#### TASK ITEM:
Among the lines below, a stretch begins at the one with "Lemma frob_rV p" and ends at the one with "Lemma sqnorm_convex p". Repeat that stretch exactly, ends included.

[Stored dataset items]
▬▬▬

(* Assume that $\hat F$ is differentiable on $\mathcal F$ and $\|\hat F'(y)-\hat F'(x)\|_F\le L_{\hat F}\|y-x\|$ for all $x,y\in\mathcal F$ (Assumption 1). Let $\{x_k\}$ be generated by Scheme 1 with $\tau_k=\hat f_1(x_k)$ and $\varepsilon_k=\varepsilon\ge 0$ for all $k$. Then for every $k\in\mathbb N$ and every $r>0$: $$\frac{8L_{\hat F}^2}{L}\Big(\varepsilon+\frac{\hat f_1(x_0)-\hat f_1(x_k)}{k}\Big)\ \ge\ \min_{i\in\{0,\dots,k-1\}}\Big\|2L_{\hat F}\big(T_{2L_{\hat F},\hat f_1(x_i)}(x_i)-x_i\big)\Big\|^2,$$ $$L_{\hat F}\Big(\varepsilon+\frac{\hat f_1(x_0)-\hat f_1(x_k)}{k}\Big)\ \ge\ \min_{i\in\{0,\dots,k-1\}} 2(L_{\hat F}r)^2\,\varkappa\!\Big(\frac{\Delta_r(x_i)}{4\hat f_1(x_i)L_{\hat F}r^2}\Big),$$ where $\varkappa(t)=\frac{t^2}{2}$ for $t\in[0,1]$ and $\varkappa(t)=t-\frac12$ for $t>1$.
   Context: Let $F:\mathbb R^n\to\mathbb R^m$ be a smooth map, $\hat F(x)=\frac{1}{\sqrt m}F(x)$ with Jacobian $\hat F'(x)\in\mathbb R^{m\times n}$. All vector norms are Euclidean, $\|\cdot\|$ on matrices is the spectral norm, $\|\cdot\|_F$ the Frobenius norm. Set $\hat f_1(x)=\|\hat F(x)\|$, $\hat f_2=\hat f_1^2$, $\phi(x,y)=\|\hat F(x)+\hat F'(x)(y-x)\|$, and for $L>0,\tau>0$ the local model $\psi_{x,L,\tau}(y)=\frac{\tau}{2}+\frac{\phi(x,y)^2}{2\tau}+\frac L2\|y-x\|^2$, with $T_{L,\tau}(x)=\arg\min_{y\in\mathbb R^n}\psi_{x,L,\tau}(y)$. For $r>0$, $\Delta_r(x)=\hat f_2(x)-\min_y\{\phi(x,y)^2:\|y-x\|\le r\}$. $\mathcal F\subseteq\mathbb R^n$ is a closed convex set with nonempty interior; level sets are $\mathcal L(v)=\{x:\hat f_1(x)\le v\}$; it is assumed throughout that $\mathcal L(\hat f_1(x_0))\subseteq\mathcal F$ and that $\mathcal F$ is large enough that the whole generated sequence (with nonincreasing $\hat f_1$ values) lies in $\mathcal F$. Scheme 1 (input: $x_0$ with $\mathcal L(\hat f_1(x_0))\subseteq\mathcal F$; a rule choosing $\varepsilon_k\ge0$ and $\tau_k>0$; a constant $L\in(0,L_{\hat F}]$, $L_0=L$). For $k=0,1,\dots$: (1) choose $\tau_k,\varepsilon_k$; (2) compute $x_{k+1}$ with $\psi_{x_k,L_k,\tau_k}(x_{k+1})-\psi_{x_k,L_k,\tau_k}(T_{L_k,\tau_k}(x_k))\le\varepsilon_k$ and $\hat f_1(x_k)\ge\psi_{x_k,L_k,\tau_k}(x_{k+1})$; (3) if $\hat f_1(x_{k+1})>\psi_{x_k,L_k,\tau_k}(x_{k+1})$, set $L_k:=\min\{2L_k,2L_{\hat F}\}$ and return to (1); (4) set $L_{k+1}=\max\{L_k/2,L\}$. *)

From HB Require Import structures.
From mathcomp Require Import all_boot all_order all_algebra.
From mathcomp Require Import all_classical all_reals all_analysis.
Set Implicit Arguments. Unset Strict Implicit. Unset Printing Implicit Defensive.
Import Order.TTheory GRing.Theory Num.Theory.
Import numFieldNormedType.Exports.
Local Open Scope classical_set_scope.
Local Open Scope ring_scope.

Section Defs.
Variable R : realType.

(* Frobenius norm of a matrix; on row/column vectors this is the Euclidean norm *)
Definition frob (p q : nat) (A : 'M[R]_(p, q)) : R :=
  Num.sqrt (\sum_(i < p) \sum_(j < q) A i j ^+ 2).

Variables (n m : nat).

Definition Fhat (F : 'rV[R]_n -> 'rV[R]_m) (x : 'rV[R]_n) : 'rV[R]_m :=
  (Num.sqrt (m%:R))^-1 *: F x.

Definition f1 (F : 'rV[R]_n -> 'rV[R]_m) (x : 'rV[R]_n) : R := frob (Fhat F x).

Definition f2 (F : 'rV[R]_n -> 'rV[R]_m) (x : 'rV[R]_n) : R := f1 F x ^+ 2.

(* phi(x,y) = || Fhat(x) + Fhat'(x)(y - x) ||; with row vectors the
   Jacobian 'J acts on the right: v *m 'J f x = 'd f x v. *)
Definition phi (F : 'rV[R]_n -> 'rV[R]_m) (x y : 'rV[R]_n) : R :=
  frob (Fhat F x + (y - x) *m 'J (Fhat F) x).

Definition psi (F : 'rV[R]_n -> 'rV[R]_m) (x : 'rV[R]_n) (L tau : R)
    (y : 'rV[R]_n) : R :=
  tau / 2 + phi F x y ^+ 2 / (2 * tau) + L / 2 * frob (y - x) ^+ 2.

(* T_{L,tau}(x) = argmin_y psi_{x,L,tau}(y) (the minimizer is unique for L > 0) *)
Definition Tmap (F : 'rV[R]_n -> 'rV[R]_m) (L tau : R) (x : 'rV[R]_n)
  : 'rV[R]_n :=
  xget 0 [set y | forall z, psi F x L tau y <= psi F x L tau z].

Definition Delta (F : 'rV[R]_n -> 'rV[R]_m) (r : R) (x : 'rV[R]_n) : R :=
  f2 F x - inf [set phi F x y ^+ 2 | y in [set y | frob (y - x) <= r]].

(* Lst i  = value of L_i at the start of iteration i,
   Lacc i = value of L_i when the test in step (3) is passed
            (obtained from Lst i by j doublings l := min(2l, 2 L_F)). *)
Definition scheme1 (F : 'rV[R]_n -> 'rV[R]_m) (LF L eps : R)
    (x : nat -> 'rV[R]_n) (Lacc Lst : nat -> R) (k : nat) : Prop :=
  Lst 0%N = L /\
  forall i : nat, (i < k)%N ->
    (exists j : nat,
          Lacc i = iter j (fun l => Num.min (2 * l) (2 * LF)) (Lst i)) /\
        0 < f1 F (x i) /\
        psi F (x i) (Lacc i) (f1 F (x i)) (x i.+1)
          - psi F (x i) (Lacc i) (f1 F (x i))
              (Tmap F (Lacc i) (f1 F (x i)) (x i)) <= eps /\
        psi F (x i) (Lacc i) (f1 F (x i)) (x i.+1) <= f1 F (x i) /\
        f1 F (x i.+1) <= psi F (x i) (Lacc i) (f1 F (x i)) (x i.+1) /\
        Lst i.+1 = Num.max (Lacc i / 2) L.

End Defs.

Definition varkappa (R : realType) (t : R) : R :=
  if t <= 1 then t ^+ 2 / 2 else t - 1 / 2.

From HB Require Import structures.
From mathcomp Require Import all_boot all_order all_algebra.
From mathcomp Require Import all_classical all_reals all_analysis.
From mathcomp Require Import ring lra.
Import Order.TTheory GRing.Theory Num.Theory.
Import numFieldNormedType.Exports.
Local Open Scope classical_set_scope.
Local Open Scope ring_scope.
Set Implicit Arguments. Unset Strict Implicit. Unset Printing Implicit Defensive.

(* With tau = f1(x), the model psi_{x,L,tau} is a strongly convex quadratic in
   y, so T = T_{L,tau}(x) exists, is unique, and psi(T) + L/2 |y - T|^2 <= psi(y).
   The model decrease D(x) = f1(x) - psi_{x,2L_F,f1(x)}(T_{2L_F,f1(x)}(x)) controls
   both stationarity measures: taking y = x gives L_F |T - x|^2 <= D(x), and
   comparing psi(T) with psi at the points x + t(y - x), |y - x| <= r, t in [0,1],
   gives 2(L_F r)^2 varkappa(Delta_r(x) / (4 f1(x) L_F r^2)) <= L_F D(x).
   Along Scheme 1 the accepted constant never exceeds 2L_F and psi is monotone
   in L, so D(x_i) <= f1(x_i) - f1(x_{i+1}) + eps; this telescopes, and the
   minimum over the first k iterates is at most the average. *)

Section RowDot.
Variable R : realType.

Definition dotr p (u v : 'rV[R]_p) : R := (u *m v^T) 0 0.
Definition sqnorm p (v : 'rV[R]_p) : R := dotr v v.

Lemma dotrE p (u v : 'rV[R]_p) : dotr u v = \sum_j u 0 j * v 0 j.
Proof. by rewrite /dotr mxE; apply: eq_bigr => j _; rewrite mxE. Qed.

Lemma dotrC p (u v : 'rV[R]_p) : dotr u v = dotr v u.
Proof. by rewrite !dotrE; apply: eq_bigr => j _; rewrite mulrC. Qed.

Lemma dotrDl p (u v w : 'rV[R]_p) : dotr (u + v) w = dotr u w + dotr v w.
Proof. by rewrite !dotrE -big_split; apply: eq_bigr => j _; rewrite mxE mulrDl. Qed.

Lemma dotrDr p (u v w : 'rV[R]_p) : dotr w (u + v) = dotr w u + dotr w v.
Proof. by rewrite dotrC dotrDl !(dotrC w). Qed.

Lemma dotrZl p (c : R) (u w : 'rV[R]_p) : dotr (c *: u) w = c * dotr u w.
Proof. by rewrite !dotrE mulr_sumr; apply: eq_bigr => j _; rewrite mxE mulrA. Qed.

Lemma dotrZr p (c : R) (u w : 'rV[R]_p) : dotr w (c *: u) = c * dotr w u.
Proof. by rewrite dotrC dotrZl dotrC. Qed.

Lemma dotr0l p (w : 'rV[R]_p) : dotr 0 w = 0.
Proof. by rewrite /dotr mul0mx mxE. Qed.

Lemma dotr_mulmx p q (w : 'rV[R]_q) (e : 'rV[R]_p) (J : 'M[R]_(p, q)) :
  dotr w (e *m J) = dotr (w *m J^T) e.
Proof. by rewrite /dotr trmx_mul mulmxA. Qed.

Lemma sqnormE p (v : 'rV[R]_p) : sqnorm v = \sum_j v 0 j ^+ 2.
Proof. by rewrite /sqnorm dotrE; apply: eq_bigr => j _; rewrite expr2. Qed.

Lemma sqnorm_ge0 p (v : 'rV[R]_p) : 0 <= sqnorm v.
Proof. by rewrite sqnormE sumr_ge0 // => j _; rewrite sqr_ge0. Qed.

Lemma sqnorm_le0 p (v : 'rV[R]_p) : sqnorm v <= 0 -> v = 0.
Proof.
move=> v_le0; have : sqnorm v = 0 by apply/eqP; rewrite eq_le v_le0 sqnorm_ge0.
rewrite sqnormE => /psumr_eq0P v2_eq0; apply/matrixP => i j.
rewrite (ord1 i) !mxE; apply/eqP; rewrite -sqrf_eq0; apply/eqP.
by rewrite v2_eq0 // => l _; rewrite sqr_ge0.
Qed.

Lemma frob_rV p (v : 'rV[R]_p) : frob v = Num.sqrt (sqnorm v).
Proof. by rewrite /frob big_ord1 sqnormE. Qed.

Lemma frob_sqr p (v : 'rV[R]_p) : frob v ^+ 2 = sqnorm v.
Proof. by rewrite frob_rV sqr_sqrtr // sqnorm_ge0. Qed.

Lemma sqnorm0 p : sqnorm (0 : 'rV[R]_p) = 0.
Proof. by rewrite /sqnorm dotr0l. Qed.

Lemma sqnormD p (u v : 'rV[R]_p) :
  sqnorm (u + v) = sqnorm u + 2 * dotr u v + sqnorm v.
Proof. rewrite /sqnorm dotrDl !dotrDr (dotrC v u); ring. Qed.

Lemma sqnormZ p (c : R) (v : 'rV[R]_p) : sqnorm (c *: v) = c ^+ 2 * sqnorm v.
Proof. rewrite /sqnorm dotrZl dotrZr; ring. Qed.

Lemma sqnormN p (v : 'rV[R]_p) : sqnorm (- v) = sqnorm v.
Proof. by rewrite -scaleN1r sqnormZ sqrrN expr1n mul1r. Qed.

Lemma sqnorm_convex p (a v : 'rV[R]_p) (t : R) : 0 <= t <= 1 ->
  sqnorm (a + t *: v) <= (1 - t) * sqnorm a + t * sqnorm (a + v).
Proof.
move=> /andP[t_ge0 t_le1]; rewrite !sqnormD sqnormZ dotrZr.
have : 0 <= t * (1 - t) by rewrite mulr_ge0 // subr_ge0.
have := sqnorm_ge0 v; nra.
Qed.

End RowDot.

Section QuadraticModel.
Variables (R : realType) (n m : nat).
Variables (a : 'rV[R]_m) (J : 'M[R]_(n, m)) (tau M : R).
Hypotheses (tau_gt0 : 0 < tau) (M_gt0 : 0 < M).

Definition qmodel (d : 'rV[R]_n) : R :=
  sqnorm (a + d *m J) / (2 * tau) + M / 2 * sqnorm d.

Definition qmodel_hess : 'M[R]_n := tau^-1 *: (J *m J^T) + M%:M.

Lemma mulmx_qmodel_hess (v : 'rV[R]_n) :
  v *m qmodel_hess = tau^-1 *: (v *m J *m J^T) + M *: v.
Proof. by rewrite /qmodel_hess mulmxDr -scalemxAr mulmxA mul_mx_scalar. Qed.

▬▬▬

#### PROBLEM SOLUTION:
Lemma frob_rV p (v : 'rV[R]_p) : frob v = Num.sqrt (sqnorm v).
Proof. by rewrite /frob big_ord1 sqnormE. Qed.

Lemma frob_sqr p (v : 'rV[R]_p) : frob v ^+ 2 = sqnorm v.
Proof. by rewrite frob_rV sqr_sqrtr // sqnorm_ge0. Qed.

Lemma sqnorm0 p : sqnorm (0 : 'rV[R]_p) = 0.
Proof. by rewrite /sqnorm dotr0l. Qed.

Lemma sqnormD p (u v : 'rV[R]_p) :
  sqnorm (u + v) = sqnorm u + 2 * dotr u v + sqnorm v.
Proof. rewrite /sqnorm dotrDl !dotrDr (dotrC v u); ring. Qed.

Lemma sqnormZ p (c : R) (v : 'rV[R]_p) : sqnorm (c *: v) = c ^+ 2 * sqnorm v.
Proof. rewrite /sqnorm dotrZl dotrZr; ring. Qed.

Lemma sqnormN p (v : 'rV[R]_p) : sqnorm (- v) = sqnorm v.
Proof. by rewrite -scaleN1r sqnormZ sqrrN expr1n mul1r. Qed.

Lemma sqnorm_convex p (a v : 'rV[R]_p) (t : R) : 0 <= t <= 1 ->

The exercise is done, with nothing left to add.